Jackson was a strong executive and placed in his Cabinet men who would do his will, and who, from his own point of view, were good advisers, since they counseled him to pursue the course he had marked out for himself. Comparing his Cabinet officers to those of the Presidents preceding him, one realizes that another plan of governing was set on foot, based on the theory that any American citizen is fit for any position to which he is called. It was an era when special training for administrative work began to be slighted, when education beyond the rudiments was considered unnecessary except in the three professions, when the practical man was apotheosized and the bookish man despised. Jackson, uneducated and with little experience in civil life, showed what power might be exercised by an arbitrary, unreasonable man who had the people at his back. The brilliant three—Webster, Clay, and Calhoun—were unable to prevail against his power.
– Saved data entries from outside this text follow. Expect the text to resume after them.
(* Let $P$ be a finite near-simplicial poset of rank $d$ with $f$-vector $(f_{-1},f_0,\dots,f_d)$. Then $$\mathcal{M}_P(z)=g^P_d(z)+\sum_{r=-1}^{d-1}(1-z)^{r+1}f_r.$$
   Context: A ranked poset is a poset with a rank function $|\cdot|$ such that covering relations increase rank by one and minimal elements have rank $-1$; $f_r$ is the number of elements of rank $r$; $P_{\le i}=\{p:|p|\le i\}$. A simplicial poset is a ranked poset in which every closed interval $[p,q]$ ($p\le q$) is isomorphic to a Boolean lattice (the subsets of $\{1,\dots,n\}$ under inclusion) for some $n$. A near-simplicial poset of rank $d$ is a ranked poset $P$ such that $P_{\le d-1}$ is a disjoint union (elements of different components incomparable) of simplicial posets each having a unique minimum element. The Möbius function $\mu$ is $\mu[p,p]=1$, $\mu[p,q]=-\sum_{p\le s<q}\mu[p,s]$ for $p<q$, $0$ if $p\not\le q$; $\mu_z[p,q]=\mu[p,q]z^{|q|-|p|}$; $\mathcal{M}_P(z)=\sum_{p\le q\in P}\mu_z[p,q]$; $g^P_d(z)=\sum_{p\le q,\ |p|\le d\le |q|}\mu_z[p,q]$. *)

From HB Require Import structures.
From mathcomp Require Import all_boot all_order all_algebra.
Set Implicit Arguments. Unset Strict Implicit. Unset Printing Implicit Defensive.
Import Order.TTheory GRing.Theory Num.Theory.
Local Open Scope ring_scope.

Section PosetDefs.
Variables (P : finType) (le : rel P).

Definition is_partial_order : Prop :=
  [/\ reflexive le, antisymmetric le & transitive le].

Definition ltp (p q : P) : bool := (p != q) && le p q.

Definition covers (p q : P) : bool :=
  ltp p q && ~~ [exists s, ltp p s && ltp s q].

Definition minimal (p : P) : Prop := forall s, le s p -> s = p.

Definition is_rank_function (rk : P -> int) : Prop :=
  (forall p q, covers p q -> rk q = rk p + 1) /\
  (forall p, minimal p -> rk p = -1).

(* the subposet B (with the induced order) has closed interval [p,q] isomorphic
   to a Boolean lattice (subsets of {0..n-1} under inclusion) *)
Definition interval_in (B : {set P}) (p q : P) : {set P} :=
  [set s in B | le p s && le s q].

Definition boolean_interval (B : {set P}) (p q : P) : Prop :=
  exists (n : nat) (f : {set 'I_n} -> P),
    [/\ (forall A, f A \in interval_in B p q),
        (forall s, s \in interval_in B p q -> exists A, f A = s) &
        (forall A1 A2, le (f A1) (f A2) = (A1 \subset A2))].

Definition simplicial_on (B : {set P}) : Prop :=
  forall p q, p \in B -> q \in B -> le p q -> boolean_interval B p q.

Definition has_unique_minimum_on (B : {set P}) : Prop :=
  exists2 m, m \in B & forall s, s \in B -> le m s.

Definition near_simplicial (rk : P -> int) (d : int) : Prop :=
  [/\ is_partial_order, is_rank_function rk,
      (forall p, rk p <= d), (exists p, rk p = d) &
      exists Pi : {set {set P}},
        [/\ partition Pi [set p | rk p <= d - 1],
            (forall B C, B \in Pi -> C \in Pi -> B != C ->
               forall x y, x \in B -> y \in C -> ~~ le x y) &
            (forall B, B \in Pi -> simplicial_on B /\ has_unique_minimum_on B)]].

(* Moebius function, by recursion with fuel #|P| (enough: chains have < #|P| steps) *)
Fixpoint mobius_fuel (k : nat) (p q : P) : int :=
  if p == q then 1 else
  if le p q then
    match k with
    | 0 => 0
    | k'.+1 => - \sum_(s | le p s && ltp s q) mobius_fuel k' p s
    end
  else 0.

Definition mobius (p q : P) : int := mobius_fuel #|P| p q.

Definition mobius_z (rk : P -> int) (p q : P) : {poly int} :=
  (mobius p q)%:P * 'X^(absz (rk q - rk p)).

Definition M_poly (rk : P -> int) : {poly int} :=
  \sum_(p : P) \sum_(q : P | le p q) mobius_z rk p q.

Definition g_poly (rk : P -> int) (d : int) : {poly int} :=
  \sum_(p : P) \sum_(q : P | [&& le p q, rk p <= d & d <= rk q]) mobius_z rk p q.

Definition fvec (rk : P -> int) (r : int) : nat := #|[set p | rk p == r]|.

End PosetDefs.

From HB Require Import structures.
From mathcomp Require Import all_boot all_order all_algebra zify.
Set Implicit Arguments. Unset Strict Implicit. Unset Printing Implicit Defensive.
Import Order.TTheory GRing.Theory Num.Theory.
Local Open Scope ring_scope.

(* Split each column sum  sum_(p <= q) mu_z[p,q]  of M_P according to whether
   |q| >= d (these terms, together with |p| <= d which always holds, make up
   g_d) or |q| < d.  In the latter case q lies in a simplicial block, which is
   closed downwards because distinct blocks are incomparable, so the interval
   below q is a Boolean lattice on n = |q| + 1 atoms.  There
   mu[p,q] = (-1)^(|q|-|p|), so the column sum is
   sum_J (-z)^(n - |J|) = (1 - z)^n; grouping these columns by rank gives the
   f-vector term. *)

Lemma sum_exprs_card_setC (T : finType) (R : comNzRingType) (c : R) :
  \sum_(J : {set T}) c ^+ #|~: J| = (1 + c) ^+ #|T|.
Proof.
rewrite -[RHS]prodr_const (bigA_distr 1 +%R (fun=> 1) (fun=> c)).
apply: eq_bigr => J _; rewrite (bigID (mem J)) /= big1 ?mul1r => [|i ->//].
rewrite -prodr_const; apply: eq_big => i; rewrite ?inE //.
by move=> /negbTE ->.
Qed.

Lemma sum_sign_interval_eq0 (T : finType) (A C : {set T}) : A \proper C ->
  \sum_(D : {set T} | (A \subset D) && (D \subset C)) (-1) ^+ #|D :\: A| = 0 :> int.
Proof.
case/properP=> sAC [x xC xA].
pose t (D : {set T}) := if x \in D then D :\ x else x |: D.
have tK : involutive t.
  by move=> D; rewrite /t; case: (boolP (x \in D)) => xD;
    rewrite ?setD11 ?setD1K ?setU11 ?setU1K.
set S := (X in X = 0).
suff : S = - S by lia.
rewrite {1}/S (reindex_inj (inv_inj tK)) -sumrN; apply: eq_big => D.
  rewrite /t; case: ifP => xD.
    rewrite subsetD1 (negbTE xA) andbT; congr andb.
    by rewrite -{2}(setD1K xD) subUset sub1set xC.
  by rewrite subUset sub1set xC -subDset (setDidPl _) // disjoint_sym disjoints1.
move=> _; rewrite /t; case: ifP => xD.
  by rewrite (cardsD1 x (D :\: A)) !inE xD xA !setDDl setUC exprS mulN1r opprK.
by rewrite setDUl (setDidPl _) ?disjoints1 // cardsU1 !inE xA xD exprS mulN1r.
Qed.

Lemma reindex_inj_onto (T U : finType) (R : nmodType) (f : U -> T) (Q : pred T)
    (F : T -> R) :
  injective f -> (forall s, Q s -> exists A, f A = s) ->
  \sum_(s | Q s) F s = \sum_(A | Q (f A)) F (f A).
Proof.
move=> f_inj f_onto.
rewrite (reindex_omap f (fun s => [pick A | f A == s])) => [|s /f_onto [A <-]].
  apply: eq_bigl => A; case: pickP => [B /eqP eqBA | /(_ A)]; last by rewrite eqxx.
  by rewrite (f_inj _ _ eqBA) eqxx andbT.
by case: pickP => [B /= /eqP -> | /(_ A)]; rewrite ?eqxx.
Qed.

Section RankedPoset.
Variables (P : finType) (le : rel P) (rk : P -> int).
Hypotheses (refl_le : reflexive le) (anti_le : antisymmetric le)
  (trans_le : transitive le).
Hypotheses (rk_covers : forall p q, covers le p q -> rk q = rk p + 1)
  (rk_minimal : forall p, minimal le p -> rk p = -1).

Lemma le_rk p q : le p q -> rk p <= rk q.
Proof.
move: {2}#|_| (leqnn #|[set s | le p s && le s q]|) => k.
elim: k p q => [|k IHk] p q card_pq le_pq.
  suff : p \in set0 by rewrite inE.
  by move: card_pq; rewrite leqn0 cards_eq0 => /eqP <-; rewrite inE refl_le.
have [-> // | neq_pq] := eqVneq p q.
have [cov_pq | not_cov] := boolP (covers le p q).
  by rewrite (rk_covers cov_pq) lerDl.
move: not_cov; rewrite /covers /ltp neq_pq le_pq negbK.
case/existsP=> s /andP [/andP [neq_ps le_ps] /andP [neq_sq le_sq]].
have lt_ps : (#|[set t | le p t && le t s]| < #|[set t | le p t && le t q]|)%N.
  apply/proper_card/properP; split.
    by apply/subsetP=> t; rewrite !inE => /andP [-> /trans_le ->].
  exists q; rewrite !inE le_pq ?refl_le //=; apply: contra neq_sq => le_qs.
  by rewrite (anti_le (introT andP (conj le_sq le_qs))).
have lt_sq : (#|[set t | le s t && le t q]| < #|[set t | le p t && le t q]|)%N.
  apply/proper_card/properP; split.
    by apply/subsetP=> t; rewrite !inE => /andP [/(trans_le le_ps) -> ->].
  exists p; rewrite !inE le_pq ?refl_le //= andbT; apply: contra neq_ps => le_sp.
  by rewrite (anti_le (introT andP (conj le_ps le_sp))).
rewrite (le_trans (IHk _ _ _ le_ps)) ?(IHk _ _ _ le_sq) // -ltnS.
  exact: leq_trans lt_ps card_pq.
exact: leq_trans lt_sq card_pq.
Qed.

Section BooleanDownSet.
Variables (n : nat) (f : {set 'I_n} -> P) (q : P).
Hypotheses (le_f : forall A B, le (f A) (f B) = (A \subset B))
  (f_onto : forall s, le s q -> exists A, f A = s) (f_setT : f setT = q).

Lemma boolean_inj : injective f.
Proof. by move=> A B eqAB; apply/eqP; rewrite eqEsubset -!le_f eqAB refl_le. Qed.

Lemma boolean_le_top A : le (f A) q.
Proof. by rewrite -f_setT le_f subsetT. Qed.

Lemma boolean_minimal_set0 : minimal le (f set0).
Proof.
move=> s le_s0; have [A eqAs] := f_onto (trans_le le_s0 (boolean_le_top set0)).
by move: le_s0; rewrite -eqAs le_f subset0 => /eqP ->.
Qed.

Lemma boolean_rk A : rk (f A) = #|A|%:Z - 1.
Proof.
move: {2}#|A| (erefl #|A|) => k; elim: k A => [|k IHk] A card_A.
  move/eqP: card_A; rewrite cards_eq0 => /eqP ->.
  by rewrite (rk_minimal boolean_minimal_set0) cards0.
have /card_gt0P [x xA] : (0 < #|A|)%N by rewrite card_A.
have card_Ax : #|A :\ x| = k by move: card_A; rewrite (cardsD1 x A) xA => -[].
suff /rk_covers -> : covers le (f (A :\ x)) (f A) by rewrite IHk card_Ax; lia.
rewrite /covers /ltp le_f subD1set (inj_eq boolean_inj) andbT; apply/andP; split.
  by apply: contraTneq xA => <-; rewrite setD11.
apply/existsP=> -[s /andP [/andP [neq1 le1] /andP [neq2 le2]]].
have [C eqCs] := f_onto (trans_le le2 (boolean_le_top A)).
move: neq1 le1 neq2 le2; rewrite -eqCs !le_f !(inj_eq boolean_inj).
move=> neq1 le1 neq2 le2.
have ltAx : A :\ x \proper C by rewrite properEneq neq1 le1.
have ltA : C \proper A by rewrite properEneq neq2 le2.
by have := proper_card ltAx; have := proper_card ltA; rewrite card_A card_Ax; lia.
Qed.

Lemma boolean_mobius_fuel k (A C : {set 'I_n}) :
  A \subset C -> (#|C :\: A| <= k)%N ->
  mobius_fuel le k (f A) (f C) = (-1) ^+ #|C :\: A|.
Proof.
elim: k A C => [|k IHk] A C sAC card_CA /=.
  suff -> : A = C by rewrite eqxx setDv cards0.
  by apply/eqP; rewrite eqEsubset sAC -setD_eq0 -cards_eq0 -leqn0.
have [-> | neq_AC] := eqVneq A C; first by rewrite eqxx setDv cards0.
rewrite (inj_eq boolean_inj) (negbTE neq_AC) le_f sAC.
rewrite (reindex_inj_onto _ boolean_inj) => [|s /andP [_ /andP [_ le_sC]]]; last first.
  exact/f_onto/(trans_le le_sC)/boolean_le_top.
have ltAC : A \proper C by rewrite properEneq neq_AC.
move/eqP: (sum_sign_interval_eq0 ltAC).
rewrite (bigD1 C) ?sAC ?subxx //= addr_eq0 => /eqP ->.
congr (- _); apply: eq_big => [D | D].
  by rewrite /ltp !le_f (inj_eq boolean_inj) andbA andbAC.
rewrite /ltp !le_f (inj_eq boolean_inj) => /and3P [sAD neq_DC sDC]; apply: IHk => //.
have := proper_card (_ : D \proper C); rewrite properEneq neq_DC sDC => /(_ isT).
move: card_CA; rewrite !cardsD (setIidPr sAD) (setIidPr sAC).
by have := subset_leq_card sAD; lia.
Qed.

Lemma boolean_mobius (A C : {set 'I_n}) :
  A \subset C -> mobius le (f A) (f C) = (-1) ^+ #|C :\: A|.
Proof.
move=> sAC; apply: boolean_mobius_fuel => //.
(* The fuel #|P| suffices: the singletons alone give n <= #|P|. *)
have f1_inj : injective (fun i : 'I_n => f [set i]).
  by move=> i j /boolean_inj /set1_inj.
by rewrite (leq_trans (max_card _)) //; have := leq_card _ f1_inj; rewrite card_ord.
Qed.

Lemma boolean_rk_top : rk q = n%:Z - 1.
Proof. by rewrite -f_setT boolean_rk cardsT card_ord. Qed.

Lemma boolean_sum_mobius_z : \sum_(p | le p q) mobius_z le rk p q = (1 - 'X) ^+ n.
Proof.
rewrite (reindex_inj_onto _ boolean_inj f_onto).
rewrite -[in RHS](card_ord n) -sum_exprs_card_setC.
apply: eq_big => [A | A _]; first by rewrite boolean_le_top.
rewrite /mobius_z -f_setT boolean_mobius ?subsetT // !boolean_rk setTD cardsT card_ord.
have -> : absz (n%:Z - 1 - (#|A|%:Z - 1))%R = #|~: A|.
  by have := cardsC A; rewrite card_ord; lia.
by rewrite [RHS]exprNn polyC_exp polyCN.
Qed.

End BooleanDownSet.

End RankedPoset.

Section NearSimplicial.
Variables (P : finType) (le : rel P) (rk : P -> int) (d : int).
Hypothesis nsP : near_simplicial le rk d.

Lemma down_set_boolean q : rk q < d ->
  exists n (f : {set 'I_n} -> P),
    [/\ forall A B, le (f A) (f B) = (A \subset B),
        forall s, le s q -> exists A, f A = s & f setT = q].
Proof.
move=> lt_qd; have [[refl_le anti_le trans_le] [rk_covers _] _ _] := nsP.
case=> Pi [/and3P [/eqP cover_Pi _ _] incomparable blocks].
have /bigcupP [B B_Pi qB] : q \in cover Pi by rewrite cover_Pi inE; lia.
have [simplicial_B [m mB min_m]] := blocks B B_Pi.
have [n [f [f_in f_onto le_f]]] := simplicial_B m q mB qB (min_m q qB).
have down_B s : le s q -> s \in B.
  move=> le_sq; have /bigcupP [C C_Pi sC] : s \in cover Pi.
    have := le_rk refl_le anti_le trans_le rk_covers le_sq.
    by rewrite cover_Pi inE; lia.
  have [<- // | neq_CB] := eqVneq C B.
  by have := incomparable C B C_Pi B_Pi neq_CB s q sC qB; rewrite le_sq.
have f_onto_q s : le s q -> exists A, f A = s.
  by move=> le_sq; apply: f_onto; rewrite inE down_B // min_m ?down_B.
exists n, f; split => //.
have [A eqAq] := f_onto_q q (refl_le q).
by move: (f_in setT); rewrite inE -eqAq le_f subTset => /and3P [_ _ /eqP ->].
Qed.

Lemma rk_geN1 q : rk q < d -> -1 <= rk q.
Proof.
have [[refl_le _ trans_le] [rk_covers rk_minimal] _ _ _] := nsP.
case/down_set_boolean=> n [f [le_f f_onto f_setT]].
by have := boolean_rk_top refl_le trans_le rk_covers rk_minimal le_f f_onto f_setT; lia.
Qed.

Lemma sum_mobius_z_below q : rk q < d ->
  \sum_(p | le p q) mobius_z le rk p q = (1 - 'X) ^+ absz (rk q + 1).
Proof.
have [[refl_le _ trans_le] [rk_covers rk_minimal] _ _ _] := nsP.
case/down_set_boolean=> n [f [le_f f_onto f_setT]].
rewrite (boolean_sum_mobius_z refl_le trans_le rk_covers rk_minimal le_f f_onto f_setT).
have := boolean_rk_top refl_le trans_le rk_covers rk_minimal le_f f_onto f_setT.
by move=> ->; congr (_ ^+ _); lia.
Qed.

End NearSimplicial.

Lemma M_poly_split (P : finType) (le : rel P) (rk : P -> int) (d : int) :
  (forall p, rk p <= d) ->
  M_poly le rk =
    g_poly le rk d + \sum_(q | rk q < d) \sum_(p | le p q) mobius_z le rk p q.
Proof.
move=> rk_le_d; rewrite /M_poly /g_poly.
rewrite [\sum_(q | _ < _) _](exchange_big_dep xpredT) //= -big_split.
apply: eq_bigr => p _; rewrite (bigID (fun q => d <= rk q)) /=.
by congr (_ + _); apply: eq_bigl => q; rewrite ?rk_le_d // -ltNge andbC.
Qed.

Lemma sum_by_rank (P : finType) (rk : P -> int) (d : int) (R : nmodType)
    (F : nat -> R) :
  (forall q, rk q <= d) -> (forall q, rk q < d -> -1 <= rk q) ->
  \sum_(q | rk q < d) F (absz (rk q + 1)) =
    \sum_(i < absz (d + 1)) F i *+ fvec rk (i%:Z - 1).
Proof.
move=> rk_le_d rk_ge.
under [RHS]eq_bigr => i _ do rewrite /fvec -sumr_const.
rewrite (exchange_big_dep xpredT) //= big_mkcond /=; apply: eq_bigr => q _.
case: ifP => lt_qd.
  have ge_q := rk_ge q lt_qd.
  have lt_q_ord : (absz (rk q + 1)%R < absz (d + 1)%R)%N by lia.
  rewrite (big_pred1 (Ordinal lt_q_ord)) // => i; rewrite inE.
  by apply/eqP/eqP => [eq_qi | -> /=]; first apply: val_inj => /=; lia.
rewrite big_pred0 // => i; rewrite inE; apply/eqP => eq_qi.
by have := ltn_ord i; have := rk_le_d q; move: lt_qd => /negbT; rewrite -leNgt; lia.
Qed.

Theorem mainTheorem14 (P : finType) (le : rel P) (rk : P -> int) (d : int) :
  near_simplicial le rk d ->
  M_poly le rk =
    g_poly le rk d +
    \sum_(i < absz (d + 1)) (1 - 'X) ^+ i * ((fvec rk (i%:Z - 1))%:R)%:P.
Proof.
move=> nsP; have [_ _ rk_le_d _ _] := nsP.
rewrite (M_poly_split le rk_le_d); congr (_ + _).
rewrite (eq_bigr _ (fun q => sum_mobius_z_below nsP (q := q))).
rewrite (sum_by_rank (fun i => (1 - 'X) ^+ i) rk_le_d (rk_geN1 nsP)).
by apply: eq_bigr => i _; rewrite polyC_natr mulr_natr.
Qed.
Jackson’s financial policy may be defended; yet had it not been for his course during the nullification trouble, his declaration, “Our Federal Union: It must be preserved,” and his consistent and vigorous action in accordance with that sentiment it would be difficult to affirm that the influence of his two terms of office was good. It cannot be said that he increased permanently the power of the executive, but he showed its capabilities. It is somewhat curious, however, that Tocqueville, whose observations were made under Jackson, should have written: “The President [p211] possesses almost royal prerogatives, which he never has an opportunity of using…. The laws permit him to be strong; circumstances keep him weak.”

The eight Presidents from Jackson to Lincoln did not raise the character of the presidential office. Van Buren was the heir of Jackson. Of the others, five owed their nominations to their availability. The evil which Jackson did lived after him; indeed, only a man as powerful for the good as he had been for the bad could have restored the civil service to the merit system which had prevailed before he occupied the White House. The offices were at stake in every election, and the scramble for them after the determination of the result was great and pressing. The chief business of a President for many months after his inauguration was the dealing out of the offices to his followers and henchmen. It was a bad scheme, from the political point of view, for every President except him who inaugurated it. Richelieu is reported to have said, on making an appointment, “I have made a hundred enemies and one ingrate.” So might have said many times the Presidents who succeeded Jackson.